Republican Leader John Curran criticized Gov. J.B. Pritzker and said he will introduce legislation that includes requirements for appointees to have 20 years’ criminal justice experience as a prosecutor, defense attorney, probation officer or judge and that each member undergo annual training on domestic violence and sexual assault and the warning signs that precede repeat attacks. Other proposed measures would require advance notice to victims of the board’s decision to release perpetrators and more transparency on the board’s deliberations in each case, including how they voted.
“For too long, these $100,000-a-year positions at the Prisoner Review Board have been given to political appointees who don’t have the requisite experience to make these life-and-death decisions,” Curran, who’s from the Chicago suburb of Downers Grove, told reporters in a teleconference. “We must take politics out of the appointment process to create a qualified board with a deep understanding of the criminal justice system.”
Pritzker has acknowledged the parole board didn’t sufficiently consider evidence in releasing 37-year-old Crosetti Brand on March 12. The next day, Brand allegedly broke into the apartment of Laterria Smith, 33, who had an order of protection against him, attacked her with a knife and killed her son Jayden Perkins when he intervened to protect his mother.
The dust-up prompted the resignation on March 25 of board member LeAnn Miller, who conducted Brand’s release hearing and wrote the report recommending he be freed.
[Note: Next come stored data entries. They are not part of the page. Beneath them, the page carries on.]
(* The inverse of f: a right inverse by surjectivity, a left inverse by
   strict monotonicity. *)
Let finv := inverse_from_one f.

Lemma inverse_spec y : 1 <= y -> 1 <= finv y /\ f (finv y) = y.
Proof. intros Hy. unfold finv, inverse_from_one. apply epsilon_spec. apply onto; auto. Qed.

Lemma inverse_left t : 1 <= t -> finv (f t) = t.
Proof.
  intros Ht. destruct (inverse_spec (f t) (at_least_one t Ht)) as [Hx Hfx].
  destruct (Rtotal_order (finv (f t)) t) as [Hlt|[Heq|Hgt]]; auto.
  - pose proof (strictly_increasing _ _ (conj Hx Hlt)). lra.
  - pose proof (strictly_increasing t _ (conj Ht Hgt)). lra.
Qed.

(* Increments of the inverse over intervals of length < h are at most the
   increment over [1, 1+h]: the inverse is concave. *)
Lemma inverse_increment h s t : 0 <= h -> 1 <= t <= s -> s - t < h ->
  0 <= finv s - finv t <= finv (1 + h) - 1.
Proof.
  intros Hh Hts Hst.
  destruct (inverse_spec s ltac:(lra)) as [Hb1 Hb2].
  destruct (inverse_spec t ltac:(lra)) as [Ha1 Ha2].
  destruct (inverse_spec (1 + h) ltac:(lra)) as [HX1 HX2].
  set (a := finv t) in *. set (b := finv s) in *. set (X := finv (1 + h)) in *.
  split.
  - destruct (Rle_or_lt a b); [lra|]. pose proof (strictly_increasing b a ltac:(lra)). lra.
  - destruct (Rle_or_lt (b - a) (X - 1)); auto. exfalso.
    pose proof (strictly_increasing (a + (X - 1)) b ltac:(lra)).
    pose proof (increment_shift a (X - 1) Ha1 ltac:(lra)).
    replace (1 + (X - 1)) with X in * by ring. rewrite (ms_one _ _ Hf) in *. lra.
Qed.

Lemma inverse_modulus h : 0 <= h -> is_lub (modc_set finv h) (finv (1 + h) - 1).
Proof.
  intros Hh. destruct (inverse_spec (1 + h) ltac:(lra)) as [HX1 HX2]. split.
  - intros x [->|[s [t [Hs [Ht [Hst ->]]]]]]; [lra|].
    destruct (Rle_or_lt t s).
    + rewrite Rabs_right in Hst by lra. pose proof (inverse_increment h s t Hh ltac:(lra) Hst).
      rewrite Rabs_right; lra.
    + rewrite Rabs_left in Hst by lra. pose proof (inverse_increment h t s Hh ltac:(lra) ltac:(lra)).
      rewrite Rabs_left1; lra.
  - intros B HB. destruct (Rle_or_lt (finv (1 + h) - 1) B); auto. exfalso.
    set (X := finv (1 + h)) in *.
    assert (0 <= B) by (apply HB; left; reflexivity).
    (* a point y in [1, X) with y - 1 > B is attained as finv (f y) - finv 1 *)
    set (y := (Rmax 1 (B + 1) + X) / 2).
    assert (Hm1 : 1 <= Rmax 1 (B + 1)) by apply Rmax_l.
    assert (Hm2 : B + 1 <= Rmax 1 (B + 1)) by apply Rmax_r.
    assert (Hm3 : Rmax 1 (B + 1) < X) by (apply Rmax_lub_lt; lra).
    assert (1 <= y < X) by (unfold y; lra).
    pose proof (strictly_increasing y X ltac:(lra)). pose proof (at_least_one y ltac:(lra)).
    assert (Hel : modc_set finv h (Rabs (finv (f y) - finv (f 1)))).
    { right. exists (f y), (f 1). rewrite (ms_one _ _ Hf). repeat split; try lra.
      rewrite Rabs_right; lra. }
    apply HB in Hel. rewrite !inverse_left in Hel by lra. rewrite Rabs_right in Hel by lra.
    unfold y in Hel. lra.
Qed.

(* Linear growth of f gives at most linear growth of its inverse. *)
Lemma inverse_linear : exists C T, forall t, T <= t -> Rabs (finv t) <= C * t.
Proof.
  pose proof (ms_pos _ _ Hf 2 ltac:(lra)) as Hslope.
  assert (Hinv : 0 < / f' 2) by (apply Rinv_0_lt_compat; auto).
  exists (2 + / f' 2), 1. intros t Ht.
  destruct (inverse_spec t Ht) as [Hx Hfx]. set (x := finv t) in *.
  rewrite Rabs_right by lra.
  destruct (Rle_or_lt x 2); [nra|].
  pose proof (linear_growth x ltac:(lra)) as Hgrow. rewrite Hfx in Hgrow.
  assert (x - 2 <= (t - 1) / f' 2).
  { apply Rmult_le_reg_r with (f' 2); auto. field_simplify; lra. }
  unfold Rdiv in H0. nra.
Qed.

Lemma inverse_holder c p : 0 < c -> 0 < p ->
  (forall t, 1 < t <= 2 -> c * Rpower (t - 1) p <= f t - 1) ->
  exists C delta, 0 < delta /\
    forall h w, 0 < h < delta -> is_lub (modc_set finv h) w ->
      Rabs w <= C * Rpower h (/ p).
Proof.
  intros Hc Hp Hlow.
  exists (/ Rpower c (/ p)), (f 2 - 1). split.
  { pose proof (strictly_increasing 1 2 ltac:(lra)). rewrite (ms_one _ _ Hf) in *. lra. }
  intros h w Hh Hw.
  rewrite (is_lub_u _ _ _ Hw (inverse_modulus h ltac:(lra))).
  destruct (inverse_spec (1 + h) ltac:(lra)) as [HX1 HX2]. set (X := finv (1 + h)) in *.
  assert (HX2' : X < 2).
  { destruct (Rlt_or_le X 2); auto. pose proof (increasing 2 X ltac:(lra)). lra. }
  assert (HX1' : 1 < X).
  { destruct (Req_dec X 1) as [E|]; [|lra]. rewrite E, (ms_one _ _ Hf) in HX2. lra. }
  pose proof (Hlow X ltac:(lra)) as HcX. rewrite HX2 in HcX.
  assert (Hpow : 0 < Rpower (X - 1) p) by apply exp_pos.
  pose proof (Rle_Rpower_l _ _ (/ p) ltac:(left; apply Rinv_0_lt_compat; lra)
                (conj (Rmult_lt_0_compat _ _ Hc Hpow) HcX)) as Hroot.
  rewrite <- Rpower_mult_distr, Rpower_mult, Rinv_r, Rpower_1 in Hroot by (auto || lra).
  assert (Hcp : 0 < Rpower c (/ p)) by apply exp_pos.
  rewrite Rabs_right by lra.
  replace (1 + h - 1) with h in Hroot by ring.
  apply Rmult_le_reg_l with (Rpower c (/ p)); auto.
  rewrite <- Rmult_assoc, Rinv_r, Rmult_1_l by lra. lra.
Qed.

End MonotoneSlope.

Lemma sin_pow_continuous (d : nat) x : continuity_pt (fun s => sin s ^ d) x.
Proof. apply derivable_continuous_pt. reg. Qed.

Lemma Rint_sin_pow d x : Rint (fun s => sin s ^ d) 0 x = RInt (fun s => sin s ^ d) 0 x.
Proof.
  unfold Rint. destruct excluded_middle_informative as [H|H].
  - rewrite (RInt_Reals _ _ _ (epsilon H (fun _ => True))). reflexivity.
  - exfalso. apply H. destruct (Rle_or_lt 0 x); constructor.
    + apply continuity_implies_RiemannInt; auto. intros; apply sin_pow_continuous.
    + apply RiemannInt_P1, continuity_implies_RiemannInt; [lra|].
      intros; apply sin_pow_continuous.
Qed.

Lemma Rpower_half x k : 0 < x -> Rpower x (INR k / 2) = sqrt x ^ k.
Proof.
  intros Hx. replace (INR k / 2) with (/ 2 * INR k) by field.
  rewrite <- Rpower_mult, Rpower_sqrt by auto. apply Rpower_pow. apply sqrt_lt_R0; auto.
Qed.

Lemma Rpower_half_succ x k : 0 < x ->
  Rpower x ((INR (S k) + 1) / 2) = sqrt x ^ S (S k).
Proof. intros Hx. rewrite <- S_INR. apply Rpower_half; auto. Qed.

Lemma sqrt_one_minus_inv_sq t : 0 < t -> sqrt (1 - 1 / t ^ 2) = sqrt (t ^ 2 - 1) / t.
Proof.
  intros Ht. destruct (Rle_or_lt (t ^ 2 - 1) 0).
  - assert (1 <= 1 / t ^ 2).
    { apply Rmult_le_reg_r with (t ^ 2); [nra|]. field_simplify; nra. }
    rewrite !sqrt_neg_0 by lra. lra.
  - replace (sqrt (t ^ 2 - 1) / t) with (sqrt (t ^ 2 - 1) / sqrt (t ^ 2))
      by (rewrite sqrt_pow2; lra).
    rewrite <- sqrt_div_alt by nra. f_equal. field. lra.
Qed.

Lemma acos_inv t : 0 < t -> acos (1 / t) = atan (sqrt (t ^ 2 - 1)).
Proof.
  intros Ht. rewrite acos_atan by (apply Rdiv_lt_0_compat; lra).
  f_equal. unfold Rsqr. replace (1 / t * (1 / t)) with (1 / t ^ 2) by (field; lra).
  rewrite sqrt_one_minus_inv_sq by auto. field. lra.
Qed.

(* g_d rewritten with an integer power instead of rpow and with acos (1/t)
   expressed through atan: a form that auto_derive can differentiate on (1,oo). *)
Definition G (d : nat) (t : R) : R :=
  1 + cst d * (t / INR d * (sqrt (t ^ 2 - 1) / t) ^ S d
               - RInt (fun s => sin s ^ d) 0 (atan (sqrt (t ^ 2 - 1)))).

Lemma g_eq_G d t : 0 < t -> g d t = G d t.
Proof.
  intros Ht. unfold g, G. rewrite Rint_sin_pow, acos_inv by auto.
  rewrite <- sqrt_one_minus_inv_sq by auto. unfold rpow. rewrite <- S_INR.
  destruct Rlt_dec as [Hpos|Hneg].
  - rewrite Rpower_half by auto. reflexivity.
  - rewrite (sqrt_neg_0 (1 - 1 / t ^ 2)) by lra. simpl. ring.
Qed.

Lemma G_one d : G d 1 = 1.
Proof.
  unfold G. replace (1 ^ 2 - 1) with 0 by ring. rewrite sqrt_0, atan_0, RInt_point.
  replace ((0 / 1) ^ S d) with 0 by (simpl; field). unfold zero; simpl. ring.
Qed.

Lemma sqrt_sq_minus_one_continuous t : 1 <= t -> continuous (fun t => sqrt (t ^ 2 - 1)) t.
Proof.
  intros Ht. apply continuity_pt_filterlim.
  apply (continuity_pt_comp (fun t => t ^ 2 - 1) sqrt); [reg|]. apply continuity_pt_sqrt. nra.
Qed.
Later that day, board chairperson Donald Shelton also quit. Pritzker announced changes requiring the board to consult experts to develop training on domestic abuse and to improve the Department of Corrections’ process for sharing information with the board.
Curran and his colleagues, Sens. Jason Plummer of Edwardsville and Steve McClure of Springfield, parried questions about whether Senate Democrats, who hold a supermajority, would entertain their plans.
“We’ve been warning about the lack of qualifications of some of the governor’s appointees for years,” Plummer said. “I don’t know why it’s taken a dead child for people to finally recognize some of these people are not qualified to serve on the board. My Democratic colleagues have largely taken a step back and allowed the governor’s office to drive the train.”
Brand and Smith had a relationship 15 years ago, police said. Brand was paroled in October after serving eight years of a 16-year sentence for attacking another ex-partner. He was shipped back to prison in February after going to Smith’s apartment. But while seeking release in a Feb. 26 hearing before board member Miller, he denied trying to contact Smith in February and the Corrections Department failed to alert the board to Smith’s attempt at an emergency order of protection on Feb. 22.
Smith recommended release in her report in which two other board members concurred.
An emailed request for comment was left with Pritzker’s spokesperson. The governor on Monday said it’s difficult to make appointments because Republicans have “politicized” the process. Curran called such a suggestion “ridiculous.”
“I would hope that the Democrats in the Senate now realize that Gov. Pritzker has a policy of trying to get the most far-left, anti-victim people on the Prisoner Review Board,” McClure added. “My hope is that moving forward, the Democrats have learned their lesson.”